Definition opp_dir (d : dir) : dir :=
  match d with
  | dE => dW | dW => dE | dNNE => dSSW | dSSW => dNNE | dNNW => dSSE | dSSE => dNNW
  end.

Definition is_vertical (d : dir) : bool :=
  match d with dNNE | dSSW => true | _ => false end.

Definition nb (p : point) (d : dir) : point :=
  ((fst p) + (dvec d).1, (snd p) + (dvec d).2).

Definition adj (p q : point) : Prop := exists d, q = nb p d.
(* adjacency along an edge parallel to the y-axis (NNE--SSW) *)
Definition vadj (p q : point) : Prop := q = nb p dNNE \/ q = nb p dSSW.

Inductive reach {T : Type} (A : T -> Prop) (r : T -> T -> Prop) (x : T) : T -> Prop :=
  | reach_refl : A x -> reach A r x x
  | reach_step y z : reach A r x y -> r y z -> A z -> reach A r x z.

Definition grid_connected (V : {fset point}) : Prop :=
  forall p q, p \in V -> q \in V -> reach (fun x => x \in V) adj p q.

(* H is an inner hole: a bounded (= finite) connected component of the
   subgraph of G_Delta induced by the complement of V *)
Definition is_hole (V H : {fset point}) : Prop :=
  [/\ H != fset0,
      (forall h, h \in H -> h \notin V),
      (forall h q, h \in H -> adj h q -> q \notin V -> q \in H) &
      (forall h h', h \in H -> h' \in H -> reach (fun x => x \in H) adj h h')].

Definition boundary (V H : {fset point}) (v : point) : Prop :=
  v \in V /\ exists2 h, h \in H & adj v h.

(* Extremal in direction WNW = minimal first coordinate (WNW is perpendicular
   to the y-axis); ties broken NNE-most = maximal second coordinate. *)
Definition is_vWNW (V H : {fset point}) (v : point) : Prop :=
  boundary V H v /\
  forall u, boundary V H u -> (fst v) < (fst u) \/ ((fst v) = (fst u) /\ (snd u) <= (snd v)).

(* Extremal in direction ESE = maximal first coordinate; ties NNE-most. *)
Definition is_vESE (V H : {fset point}) (v : point) : Prop :=
  boundary V H v /\
  forall u, boundary V H u -> (fst u) < (fst v) \/ ((fst v) = (fst u) /\ (snd u) <= (snd v)).

(* p lies on the y-portal of v (component of v in (V, E_y)) *)
Definition portal (V : {fset point}) (v p : point) : Prop :=
  reach (fun x => x \in V) vadj v p.

Definition split_root (V : {fset point}) (Hs : {fset {fset point}}) (v : point) : Prop :=
  exists2 H, H \in Hs & (is_vWNW V H v \/ is_vESE V H v).

Definition in_split_portal V Hs (p : point) : Prop :=
  exists v, split_root V Hs v /\ portal V v p.

Definition is_WNW_node V (Hs : {fset {fset point}}) (p : point) : Prop :=
  exists2 H, H \in Hs & is_vWNW V H p.
Definition is_ESE_node V (Hs : {fset {fset point}}) (p : point) : Prop :=
  exists2 H, H \in Hs & is_vESE V H p.

(* copies of a node in the split graph:
   Whole = unsplit node; TW/TE = p_W / p_E;
   TEN/TES = v_E^N / v_E^S; TWS/TWN = v_W^S / v_W^N *)
Inductive tag := Whole | TW | TE | TEN | TES | TWS | TWN.

(* directions in which a copy keeps the incident edges of the original node *)
Definition owns (t : tag) (d : dir) : bool :=
  match t, d with
  | Whole, _ => true
  | TW, (dNNE | dSSW | dNNW | dW) => true
  | TE, (dNNE | dSSW | dSSE | dE) => true
  | TEN, (dNNE | dE) => true
  | TES, (dSSW | dSSE) => true
  | TWS, (dSSW | dW) => true
  | TWN, (dNNE | dNNW) => true
  | _, _ => false
  end.

(* side of a copy: portal edges connect W-copies to W-copies and
   E-copies to E-copies *)
Definition side (t : tag) : nat :=
  match t with
  | Whole => 0 | TW | TWS | TWN => 1 | TE | TEN | TES => 2
  end%N.

Definition valid_copy V Hs (c : point * tag) : Prop :=
  (fst c) \in V /\
  match (snd c) with
  | Whole => ~ in_split_portal V Hs (fst c)
  | TW => in_split_portal V Hs (fst c) /\ ~ is_ESE_node V Hs (fst c)
  | TWS | TWN => in_split_portal V Hs (fst c) /\ is_ESE_node V Hs (fst c)
  | TE => in_split_portal V Hs (fst c) /\ ~ is_WNW_node V Hs (fst c)
  | TEN | TES => in_split_portal V Hs (fst c) /\ is_WNW_node V Hs (fst c)
  end.

Definition split_edge V Hs (c c' : point * tag) : Prop :=
  valid_copy V Hs c /\ valid_copy V Hs c' /\
  exists d, [/\ (fst c') = nb (fst c) d, owns (snd c) d, owns (snd c') (opp_dir d) &
                (is_vertical d -> side (snd c) = side (snd c'))].

(* grid points underlying the connected component (region) of copy c0 *)
Definition region_of V Hs (c0 : point * tag) (p : point) : Prop :=
  exists t, reach (valid_copy V Hs) (split_edge V Hs) c0 (p, t).

Definition is_gate V Hs (g : {fset point}) : Prop :=
  exists c0 v,
    [/\ valid_copy V Hs c0, split_root V Hs v, g != fset0 &
        forall p, p \in g <-> (region_of V Hs c0 p /\ portal V v p)].

(* Every gate has a topmost copy in the split graph: climbing NNE along the
   portal inside the region must stop, and it can only stop at the top node of
   a split portal (at its W- or E-copy) or at a copy whose NNE edge was cut by
   the node split, i.e. v_E^S of v_WNW(H) or v_W^S of v_ESE(H).  Such a copy
   determines both its region and its portal, hence the gate, and there are at
   most 2 * 2 + 2 = 6 candidates per hole. *)
From Pilot Require Import Defs.
From HB Require Import structures.
From mathcomp Require Import all_boot all_order all_algebra.
From mathcomp Require Import finmap zify.
From Stdlib Require Import ClassicalEpsilon.
Local Open Scope fset_scope.
Local Open Scope ring_scope.
Import Order.TTheory GRing.Theory Num.Theory.
Set Implicit Arguments.
Unset Strict Implicit.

▶ **EXERCISE REQUIREMENTS**: A reply that repeats all the data exactly is required.

▶ **FINISHED EXERCISE**:
Definition opp_dir (d : dir) : dir :=
  match d with
  | dE => dW | dW => dE | dNNE => dSSW | dSSW => dNNE | dNNW => dSSE | dSSE => dNNW
  end.

Definition is_vertical (d : dir) : bool :=
  match d with dNNE | dSSW => true | _ => false end.

Definition nb (p : point) (d : dir) : point :=
  ((fst p) + (dvec d).1, (snd p) + (dvec d).2).

Definition adj (p q : point) : Prop := exists d, q = nb p d.
(* adjacency along an edge parallel to the y-axis (NNE--SSW) *)
Definition vadj (p q : point) : Prop := q = nb p dNNE \/ q = nb p dSSW.

Inductive reach {T : Type} (A : T -> Prop) (r : T -> T -> Prop) (x : T) : T -> Prop :=
  | reach_refl : A x -> reach A r x x
  | reach_step y z : reach A r x y -> r y z -> A z -> reach A r x z.

Definition grid_connected (V : {fset point}) : Prop :=
  forall p q, p \in V -> q \in V -> reach (fun x => x \in V) adj p q.

(* H is an inner hole: a bounded (= finite) connected component of the
   subgraph of G_Delta induced by the complement of V *)
Definition is_hole (V H : {fset point}) : Prop :=
  [/\ H != fset0,
      (forall h, h \in H -> h \notin V),
      (forall h q, h \in H -> adj h q -> q \notin V -> q \in H) &
      (forall h h', h \in H -> h' \in H -> reach (fun x => x \in H) adj h h')].

Definition boundary (V H : {fset point}) (v : point) : Prop :=
  v \in V /\ exists2 h, h \in H & adj v h.

(* Extremal in direction WNW = minimal first coordinate (WNW is perpendicular
   to the y-axis); ties broken NNE-most = maximal second coordinate. *)
Definition is_vWNW (V H : {fset point}) (v : point) : Prop :=
  boundary V H v /\
  forall u, boundary V H u -> (fst v) < (fst u) \/ ((fst v) = (fst u) /\ (snd u) <= (snd v)).

(* Extremal in direction ESE = maximal first coordinate; ties NNE-most. *)
Definition is_vESE (V H : {fset point}) (v : point) : Prop :=
  boundary V H v /\
  forall u, boundary V H u -> (fst u) < (fst v) \/ ((fst v) = (fst u) /\ (snd u) <= (snd v)).

(* p lies on the y-portal of v (component of v in (V, E_y)) *)
Definition portal (V : {fset point}) (v p : point) : Prop :=
  reach (fun x => x \in V) vadj v p.

Definition split_root (V : {fset point}) (Hs : {fset {fset point}}) (v : point) : Prop :=
  exists2 H, H \in Hs & (is_vWNW V H v \/ is_vESE V H v).

Definition in_split_portal V Hs (p : point) : Prop :=
  exists v, split_root V Hs v /\ portal V v p.

Definition is_WNW_node V (Hs : {fset {fset point}}) (p : point) : Prop :=
  exists2 H, H \in Hs & is_vWNW V H p.
Definition is_ESE_node V (Hs : {fset {fset point}}) (p : point) : Prop :=
  exists2 H, H \in Hs & is_vESE V H p.

(* copies of a node in the split graph:
   Whole = unsplit node; TW/TE = p_W / p_E;
   TEN/TES = v_E^N / v_E^S; TWS/TWN = v_W^S / v_W^N *)
Inductive tag := Whole | TW | TE | TEN | TES | TWS | TWN.

(* directions in which a copy keeps the incident edges of the original node *)
Definition owns (t : tag) (d : dir) : bool :=
  match t, d with
  | Whole, _ => true
  | TW, (dNNE | dSSW | dNNW | dW) => true
  | TE, (dNNE | dSSW | dSSE | dE) => true
  | TEN, (dNNE | dE) => true
  | TES, (dSSW | dSSE) => true
  | TWS, (dSSW | dW) => true
  | TWN, (dNNE | dNNW) => true
  | _, _ => false
  end.

(* side of a copy: portal edges connect W-copies to W-copies and
   E-copies to E-copies *)
Definition side (t : tag) : nat :=
  match t with
  | Whole => 0 | TW | TWS | TWN => 1 | TE | TEN | TES => 2
  end%N.

Definition valid_copy V Hs (c : point * tag) : Prop :=
  (fst c) \in V /\
  match (snd c) with
  | Whole => ~ in_split_portal V Hs (fst c)
  | TW => in_split_portal V Hs (fst c) /\ ~ is_ESE_node V Hs (fst c)
  | TWS | TWN => in_split_portal V Hs (fst c) /\ is_ESE_node V Hs (fst c)
  | TE => in_split_portal V Hs (fst c) /\ ~ is_WNW_node V Hs (fst c)
  | TEN | TES => in_split_portal V Hs (fst c) /\ is_WNW_node V Hs (fst c)
  end.

Definition split_edge V Hs (c c' : point * tag) : Prop :=
  valid_copy V Hs c /\ valid_copy V Hs c' /\
  exists d, [/\ (fst c') = nb (fst c) d, owns (snd c) d, owns (snd c') (opp_dir d) &
                (is_vertical d -> side (snd c) = side (snd c'))].

(* grid points underlying the connected component (region) of copy c0 *)
Definition region_of V Hs (c0 : point * tag) (p : point) : Prop :=
  exists t, reach (valid_copy V Hs) (split_edge V Hs) c0 (p, t).

Definition is_gate V Hs (g : {fset point}) : Prop :=
  exists c0 v,
    [/\ valid_copy V Hs c0, split_root V Hs v, g != fset0 &
        forall p, p \in g <-> (region_of V Hs c0 p /\ portal V v p)].

(* Every gate has a topmost copy in the split graph: climbing NNE along the
   portal inside the region must stop, and it can only stop at the top node of
   a split portal (at its W- or E-copy) or at a copy whose NNE edge was cut by
   the node split, i.e. v_E^S of v_WNW(H) or v_W^S of v_ESE(H).  Such a copy
   determines both its region and its portal, hence the gate, and there are at
   most 2 * 2 + 2 = 6 candidates per hole. *)
From Pilot Require Import Defs.
From HB Require Import structures.
From mathcomp Require Import all_boot all_order all_algebra.
From mathcomp Require Import finmap zify.
From Stdlib Require Import ClassicalEpsilon.
Local Open Scope fset_scope.
Local Open Scope ring_scope.
Import Order.TTheory GRing.Theory Num.Theory.
Set Implicit Arguments.
Unset Strict Implicit.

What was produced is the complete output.